A Theo-Dur manufacturer is defined as any person or entity involved in the manufacture, preparation, processing, compounding or propagation of Theo-Dur, including repackagers and relabelers. The FDA regulates Theo-Dur manufacturers to ensure that their products comply with relevant laws and regulations and are safe and effective to use. Theo-Dur API Manufacturers are required to adhere to Good Manufacturing Practices (GMP) to ensure that their products are consistently manufactured to meet established quality criteria.
click here to find a list of Theo-Dur manufacturers with USDMF, JDMF, KDMF, CEP, GMP, COA and API Price related information on PhamaCompass.
A Theo-Dur supplier is an individual or a company that provides Theo-Dur active pharmaceutical ingredient (API) or Theo-Dur finished formulations upon request. The Theo-Dur suppliers may include Theo-Dur API manufacturers, exporters, distributors and traders.

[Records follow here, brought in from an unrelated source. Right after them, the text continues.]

(* In the setting described in the context (in particular, the modified 4-player stage game is $\alpha$-strongly monotone for some $\alpha>0$, so every stage game has a unique RQE), suppose the risk-averse quantal-response Bellman operator $\mathcal{T}$ has a unique fixed point $\mathbf{Q}^*$. Define the Markov policy $\pi^*$ state-wise by letting $\pi^*(\cdot\mid s)$ be the unique RQE of the stage game with payoff matrix pair $\mathbf{Q}^*(s,\cdot)$. Then $\pi^*$ is a stationary Markov RQE of the Markov game.
   Context: A discounted two-player Markov game has a finite state space $\mathcal{S}$, finite action sets $\mathcal{A}_1,\mathcal{A}_2$ with $\mathcal{A}=\mathcal{A}_1\times\mathcal{A}_2$, deterministic rewards $r_i:\mathcal{S}\times\mathcal{A}\to[0,1]$, discount factor $\gamma\in[0,1)$ and transition kernel $P(\cdot\mid s,\mathbf{a})\in\Delta_{\mathcal{S}}$; $-i$ denotes the other player, $\Delta_n$ the probability simplex in $\mathbb{R}^n$. For each $i$ fix $\epsilon_i>0$, a differentiable strictly convex $\nu_i$ on (a neighbourhood of) $\Delta_{|\mathcal{A}_i|}$, a differentiable $D_i:\Delta_{|\mathcal{A}_{-i}|}\times\Delta_{|\mathcal{A}_{-i}|}\to\mathbb{R}$ convex in its first argument, and an environment penalty $D_i^{\mathrm{env}}:\Delta_{\mathcal{S}}\times\Delta_{\mathcal{S}}\to[0,\infty)$. Stage games: for $\mathbf{R}=(R_1,R_2)$, $R_i\in\mathbb{R}^{|\mathcal{A}_i|\times|\mathcal{A}_{-i}|}$, let $f_i(\pi_i,\pi_{-i};R_i)=\sup_{p_i\in\Delta_{|\mathcal{A}_{-i}|}}[-\pi_i^TR_ip_i-D_i(p_i,\pi_{-i})]+\epsilon_i\nu_i(\pi_i)$; an RQE is $(\pi_1^*,\pi_2^* )$ with $f_i(\pi_i^*,\pi_{-i}^*;R_i)\le f_i(\pi_i,\pi_{-i}^*;R_i)$ for all $\pi_i$, $i=1,2$, and for the unique RQE $\texttt{RQE}_i(\mathbf{R}):=f_i(\pi_i^*,\pi_{-i}^*;R_i)$. The modified 4-player game with $z=(\pi_1,\pi_2,p_1,p_2)\in\mathcal{Z}=\Delta_{|\mathcal{A}_1|}\times\Delta_{|\mathcal{A}_2|}\times\Delta_{|\mathcal{A}_2|}\times\Delta_{|\mathcal{A}_1|}$ has gradient operator $F(z;\mathbf{R})=(-R_1p_1+\epsilon_1\nabla\nu_1(\pi_1),\,-R_2p_2+\epsilon_2\nabla\nu_2(\pi_2),\,R_1^T\pi_1+\nabla_{p_1}D_1(p_1,\pi_2),\,R_2^T\pi_2+\nabla_{p_2}D_2(p_2,\pi_1))$ and is $\alpha$-strongly monotone if $(z-z')^T(F(z;\mathbf{R})-F(z';\mathbf{R}))\ge\alpha\|z-z'\|_2^2$ for all $z,z'$ (independent of $\mathbf{R}$). For a $Q$ function pair $\mathbf{Q}=(Q_1,Q_2)$, $Q_i:\mathcal{S}\times\mathcal{A}\to\mathbb{R}$, $\mathbf{Q}(s,\cdot)$ is the stage payoff pair with $[Q_i(s,\cdot)]_{mn}=Q_i(s,(a_i=m,a_{-i}=n))$, and $(\mathcal{T}\mathbf{Q})_i(s,\mathbf{a})=r_i(s,\mathbf{a})+\gamma\inf_{\widetilde P\in\Delta_{\mathcal{S}}}\{-\mathbb{E}_{s'\sim\widetilde P}[\texttt{RQE}_i(\mathbf{Q}(s',\cdot))]+D_i^{\mathrm{env}}(\widetilde P,P(\cdot\mid s,\mathbf{a}))\}$. For a Markov policy pair $\pi=(\pi_1,\pi_2)$, $\pi_i:\mathcal{S}\to\Delta_{|\mathcal{A}_i|}$, the value and $Q$ functions $V_i^{\epsilon_i,\pi}$, $Q_i^{\epsilon_i,\pi}$ are defined jointly by $V_i^{\epsilon_i,\pi}(s)=-f_i(\pi_i(s),\pi_{-i}(s);Q_i^{\epsilon_i,\pi}(s,\cdot))$ and $Q_i^{\epsilon_i,\pi}(s,\mathbf{a})=r_i(s,\mathbf{a})+\gamma\inf_{\widetilde P\in\Delta_{\mathcal{S}}}\{\mathbb{E}_{s'\sim\widetilde P}V_i^{\epsilon_i,\pi}(s')+D_i^{\mathrm{env}}(\widetilde P,P(\cdot\mid s,\mathbf{a}))\}$. A pair $\pi^*$ is a stationary Markov RQE if for both $i$ and all $s\in\mathcal{S}$, $V_i^{\epsilon_i,\pi^*}(s)\ge V_i^{\epsilon_i,(\pi_i,\pi_{-i}^* )}(s)$ for every Markov policy $\pi_i:\mathcal{S}\to\Delta_{|\mathcal{A}_i|}$. *)

From HB Require Import structures.
From mathcomp Require Import all_boot all_order all_algebra.
From mathcomp Require Import all_classical all_reals all_analysis.
Set Implicit Arguments. Unset Strict Implicit. Unset Printing Implicit Defensive.
Import Order.TTheory GRing.Theory Num.Theory.
Import numFieldNormedType.Exports.
Local Open Scope classical_set_scope.
Local Open Scope ring_scope.

Section Defs.
Variable R : realType.

Definition simplex (n : nat) : set 'rV[R]_n :=
  [set p | (forall j, 0 <= p 0 j) /\ \sum_j p 0 j = 1].
Arguments simplex : clear implicits.

Definition distr (S : finType) : set (S -> R) :=
  [set p | (forall s, 0 <= p s) /\ \sum_s p s = 1].
Arguments distr : clear implicits.

Definition grad (n : nat) (f : 'rV[R]_n -> R) (x : 'rV[R]_n) : 'rV[R]_n :=
  \row_j ('d f x) (delta_mx 0 j).

Definition dotv (n : nat) (u v : 'rV[R]_n) : R := \sum_j u 0 j * v 0 j.

Record stage_params (m1 m2 : nat) := StageParams {
  eps1 : R; eps2 : R;
  nu1 : 'rV[R]_m1 -> R; nu2 : 'rV[R]_m2 -> R;
  D1 : 'rV[R]_m2 -> 'rV[R]_m2 -> R;
  D2 : 'rV[R]_m1 -> 'rV[R]_m1 -> R }.

Definition fval (m n : nat) (eps : R) (nu : 'rV[R]_m -> R)
  (D : 'rV[R]_n -> 'rV[R]_n -> R) (pi : 'rV[R]_m) (pio : 'rV[R]_n)
  (Rm : 'M[R]_(m, n)) : R :=
  sup [set - (pi *m Rm *m p^T) 0 0 - D p pio | p in simplex n] + eps * nu pi.

Definition f1 m1 m2 (G : stage_params m1 m2) pi1 pi2 (R1 : 'M[R]_(m1, m2)) :=
  fval (eps1 G) (nu1 G) (D1 G) pi1 pi2 R1.
Definition f2 m1 m2 (G : stage_params m1 m2) pi2 pi1 (R2 : 'M[R]_(m2, m1)) :=
  fval (eps2 G) (nu2 G) (D2 G) pi2 pi1 R2.

Definition isRQE m1 m2 (G : stage_params m1 m2)
  (R1 : 'M[R]_(m1, m2)) (R2 : 'M[R]_(m2, m1)) (pi1 : 'rV[R]_m1) (pi2 : 'rV[R]_m2) :=
  [/\ simplex m1 pi1, simplex m2 pi2,
      (forall p1, simplex m1 p1 -> f1 G pi1 pi2 R1 <= f1 G p1 pi2 R1) &
      (forall p2, simplex m2 p2 -> f2 G pi2 pi1 R2 <= f2 G p2 pi1 R2)].

(* The RQE of the stage game (chosen; it is unique under strong monotonicity).
   If none exists a junk value is returned (never used under the hypotheses). *)
Definition rqe_pair m1 m2 (G : stage_params m1 m2)
  (R1 : 'M[R]_(m1, m2)) (R2 : 'M[R]_(m2, m1)) : 'rV[R]_m1 * 'rV[R]_m2 :=
  match pselect (exists z : 'rV[R]_m1 * 'rV[R]_m2, isRQE G R1 R2 z.1 z.2) with
  | left H => proj1_sig (cid H)
  | right _ => (0, 0)
  end.

Definition RQE1 m1 m2 (G : stage_params m1 m2) R1 R2 : R :=
  f1 G (rqe_pair G R1 R2).1 (rqe_pair G R1 R2).2 R1.
Definition RQE2 m1 m2 (G : stage_params m1 m2) R1 R2 : R :=
  f2 G (rqe_pair G R1 R2).2 (rqe_pair G R1 R2).1 R2.

(* Gradient operator F of the modified 4-player game, z = (pi1, pi2, p1, p2). *)
Definition Fop m1 m2 (G : stage_params m1 m2)
  (R1 : 'M[R]_(m1, m2)) (R2 : 'M[R]_(m2, m1))
  (pi1 : 'rV[R]_m1) (pi2 : 'rV[R]_m2) (p1 : 'rV[R]_m2) (p2 : 'rV[R]_m1) :
  'rV[R]_m1 * 'rV[R]_m2 * 'rV[R]_m2 * 'rV[R]_m1 :=
  ( - (p1 *m R1^T) + eps1 G *: grad (nu1 G) pi1,
    - (p2 *m R2^T) + eps2 G *: grad (nu2 G) pi2,
    pi1 *m R1 + grad (fun x => D1 G x pi2) p1,
    pi2 *m R2 + grad (fun x => D2 G x pi1) p2).

Definition strongly_monotone m1 m2 (G : stage_params m1 m2) (alpha : R) :=
  forall (R1 : 'M[R]_(m1, m2)) (R2 : 'M[R]_(m2, m1))
         pi1 pi2 p1 p2 pi1' pi2' p1' p2',
  simplex m1 pi1 -> simplex m2 pi2 -> simplex m2 p1 -> simplex m1 p2 ->
  simplex m1 pi1' -> simplex m2 pi2' -> simplex m2 p1' -> simplex m1 p2' ->
  let: (F1, F2, F3, F4) := Fop G R1 R2 pi1 pi2 p1 p2 in
  let: (F1', F2', F3', F4') := Fop G R1 R2 pi1' pi2' p1' p2' in
  alpha * (dotv (pi1 - pi1') (pi1 - pi1') + dotv (pi2 - pi2') (pi2 - pi2')
           + dotv (p1 - p1') (p1 - p1') + dotv (p2 - p2') (p2 - p2'))
  <= dotv (pi1 - pi1') (F1 - F1') + dotv (pi2 - pi2') (F2 - F2')
     + dotv (p1 - p1') (F3 - F3') + dotv (p2 - p2') (F4 - F4').

Record markov_params (S : finType) (m1 m2 : nat) := MarkovParams {
  rew1 : S -> 'I_m1 -> 'I_m2 -> R;
  rew2 : S -> 'I_m1 -> 'I_m2 -> R;
  gamma : R;
  trans : S -> 'I_m1 -> 'I_m2 -> S -> R;
  Denv1 : (S -> R) -> (S -> R) -> R;
  Denv2 : (S -> R) -> (S -> R) -> R }.

Definition Qmat1 (S : finType) m1 m2 (Q : S -> 'I_m1 -> 'I_m2 -> R) s
  : 'M[R]_(m1, m2) := \matrix_(a1 < m1, a2 < m2) Q s a1 a2.
Definition Qmat2 (S : finType) m1 m2 (Q : S -> 'I_m1 -> 'I_m2 -> R) s
  : 'M[R]_(m2, m1) := \matrix_(a2 < m2, a1 < m1) Q s a1 a2.

Definition expect (S : finType) (p : S -> R) (V : S -> R) : R :=
  \sum_s p s * V s.

Definition robust_exp (S : finType) (Denv : (S -> R) -> (S -> R) -> R)
  (P0 : S -> R) (W : S -> R) : R :=
  inf [set expect Pt W + Denv Pt P0 | Pt in distr S].

Definition bellman (S : finType) m1 m2 (G : stage_params m1 m2)
  (M : markov_params S m1 m2) (Q1 Q2 : S -> 'I_m1 -> 'I_m2 -> R) :
  (S -> 'I_m1 -> 'I_m2 -> R) * (S -> 'I_m1 -> 'I_m2 -> R) :=
  (fun s a1 a2 => rew1 M s a1 a2 + gamma M *
     robust_exp (Denv1 M) (trans M s a1 a2)
       (fun s' => - RQE1 G (Qmat1 Q1 s') (Qmat2 Q2 s')),
   fun s a1 a2 => rew2 M s a1 a2 + gamma M *
     robust_exp (Denv2 M) (trans M s a1 a2)
       (fun s' => - RQE2 G (Qmat1 Q1 s') (Qmat2 Q2 s'))).

Definition is_VQ1 (S : finType) m1 m2 (G : stage_params m1 m2)
  (M : markov_params S m1 m2) (pi1 : S -> 'rV[R]_m1) (pi2 : S -> 'rV[R]_m2)
  (V : S -> R) (Q : S -> 'I_m1 -> 'I_m2 -> R) :=
  (forall s, V s = - f1 G (pi1 s) (pi2 s) (Qmat1 Q s)) /\
  (forall s a1 a2, Q s a1 a2 =
     rew1 M s a1 a2 + gamma M * robust_exp (Denv1 M) (trans M s a1 a2) V).

Definition is_VQ2 (S : finType) m1 m2 (G : stage_params m1 m2)
  (M : markov_params S m1 m2) (pi1 : S -> 'rV[R]_m1) (pi2 : S -> 'rV[R]_m2)
  (V : S -> R) (Q : S -> 'I_m1 -> 'I_m2 -> R) :=
  (forall s, V s = - f2 G (pi2 s) (pi1 s) (Qmat2 Q s)) /\
  (forall s a1 a2, Q s a1 a2 =
     rew2 M s a1 a2 + gamma M * robust_exp (Denv2 M) (trans M s a1 a2) V).

Definition markov_policy (S : finType) (m : nat) (pi : S -> 'rV[R]_m) :=
  forall s, simplex m (pi s).

Definition markov_RQE (S : finType) m1 m2 (G : stage_params m1 m2)
  (M : markov_params S m1 m2) (pi1 : S -> 'rV[R]_m1) (pi2 : S -> 'rV[R]_m2) :=
  markov_policy pi1 /\ markov_policy pi2 /\
  (forall pi1', markov_policy pi1' ->
     forall V Q V' Q', is_VQ1 G M pi1 pi2 V Q -> is_VQ1 G M pi1' pi2 V' Q' ->
     forall s, V' s <= V s) /\
  (forall pi2', markov_policy pi2' ->
     forall V Q V' Q', is_VQ2 G M pi1 pi2 V Q -> is_VQ2 G M pi1 pi2' V' Q' ->
     forall s, V' s <= V s).

Definition strictly_convex_on (n : nat) (A : set 'rV[R]_n) (g : 'rV[R]_n -> R) :=
  forall x y t, A x -> A y -> x != y -> 0 < t < 1 ->
    g (t *: x + (1 - t) *: y) < t * g x + (1 - t) * g y.

Definition convex_first_on (n : nat) (A : set 'rV[R]_n) (D : 'rV[R]_n -> 'rV[R]_n -> R) :=
  forall x y q t, A x -> A y -> A q -> 0 <= t <= 1 ->
    D (t *: x + (1 - t) *: y) q <= t * D x q + (1 - t) * D y q.

Definition diff_nbhd (n : nat) (A : set 'rV[R]_n) (g : 'rV[R]_n -> R) :=
  exists U : set 'rV[R]_n, [/\ open U, A `<=` U & forall x, U x -> differentiable g x].

Definition diff_on2 (n : nat) (A : set 'rV[R]_n) (D : 'rV[R]_n -> 'rV[R]_n -> R) :=
  forall p q, A p -> A q ->
    differentiable (fun z : 'rV[R]_n * 'rV[R]_n => D z.1 z.2) (p, q).

End Defs.
Arguments simplex : clear implicits.
Arguments distr : clear implicits.

From HB Require Import structures.
From mathcomp Require Import all_boot all_order all_algebra.
From mathcomp Require Import all_classical all_reals all_analysis.
From mathcomp Require Import ring lra.
Import Order.TTheory GRing.Theory Num.Theory.
Import numFieldNormedType.Exports.
Local Open Scope classical_set_scope.
Local Open Scope ring_scope.
Set Implicit Arguments. Unset Strict Implicit. Unset Printing Implicit Defensive.

(** Strong monotonicity of the four-player operator F makes every stage RQE unique: an RQE
    (pi1, pi2) together with the adversaries' worst-case responses (p1, p2) solves the
    variational inequality of F on the product of simplices, and two solutions of a strongly
    monotone variational inequality coincide.  For the outer players this is an envelope
    argument: strong monotonicity in p makes the adversary's response Lipschitz in pi, so
    f_i(., pi_{-i}) has first-order expansion given by the response at pi_i.
    Consequently the Bellman fixed point Q* and the values V*(s) = -f_i(pi*(s); Q*(s, .))
    solve the policy-evaluation equations of pi*.  The stage map Q |-> f_i(pi_i, pi_{-i}; Q) is antitone
    and nonexpansive, so by a discounted maximum principle policy evaluation has a unique
    solution, and a unilateral deviation, which cannot decrease f_i at Q* because pi*_i is a
    best response there, cannot increase the value. *)

Section DotProduct.
Variables (R : realType) (n : nat).
Implicit Types u v w : 'rV[R]_n.

Lemma dotvC u v : dotv u v = dotv v u.
Proof. by apply: eq_bigr => j _; rewrite mulrC. Qed.

Lemma dotvDr u v w : dotv u (v + w) = dotv u v + dotv u w.
Proof. by rewrite /dotv -big_split; apply: eq_bigr => j _; rewrite mxE mulrDr. Qed.

Lemma dotvDl u v w : dotv (v + w) u = dotv v u + dotv w u.
Proof. by rewrite dotvC dotvDr !(dotvC u). Qed.

Lemma dotvNr u v : dotv u (- v) = - dotv u v.
Proof. by rewrite /dotv -sumrN; apply: eq_bigr => j _; rewrite mxE mulrN. Qed.

Lemma dotvNl u v : dotv (- u) v = - dotv u v.
Proof. by rewrite dotvC dotvNr dotvC. Qed.

Lemma dotvBr u v w : dotv u (v - w) = dotv u v - dotv u w.
Proof. by rewrite dotvDr dotvNr. Qed.

Lemma dotvZr a u v : dotv u (a *: v) = a * dotv u v.
Proof. by rewrite /dotv mulr_sumr; apply: eq_bigr => j _; rewrite mxE mulrCA. Qed.

Lemma dotvZl a u v : dotv (a *: u) v = a * dotv u v.
Proof. by rewrite dotvC dotvZr dotvC. Qed.

Lemma dotv0l u : dotv 0 u = 0.
Proof. by rewrite /dotv big1 // => j _; rewrite mxE mul0r. Qed.

Lemma dotv_ge0 u : 0 <= dotv u u.
Proof. by apply: sumr_ge0 => j _; rewrite -expr2 sqr_ge0. Qed.

Lemma dotv_eq0 u : (dotv u u == 0) = (u == 0).
Proof.
apply/idP/eqP => [|->]; last by rewrite dotv0l.
rewrite psumr_eq0 => [/allP u0|j _]; last by rewrite -expr2 sqr_ge0.
apply/rowP => j; rewrite mxE.
by have := u0 j (mem_index_enum j); rewrite implyTb mulf_eq0 orbb => /eqP.
Qed.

click here to find a list of Theo-Dur suppliers with USDMF, JDMF, KDMF, CEP, GMP, COA and API Price related information on PharmaCompass.
A Theo-Dur DMF (Drug Master File) is a document detailing the whole manufacturing process of Theo-Dur active pharmaceutical ingredient (API) in detail. Different forms of Theo-Dur DMFs exist exist since differing nations have different regulations, such as Theo-Dur USDMF, ASMF (EDMF), JDMF, CDMF, etc.
A Theo-Dur DMF submitted to regulatory agencies in the US is known as a USDMF. Theo-Dur USDMF includes data on Theo-Dur's chemical properties, information on the facilities and procedures used, and details about packaging and storage. The Theo-Dur USDMF is kept confidential to protect the manufacturer’s intellectual property.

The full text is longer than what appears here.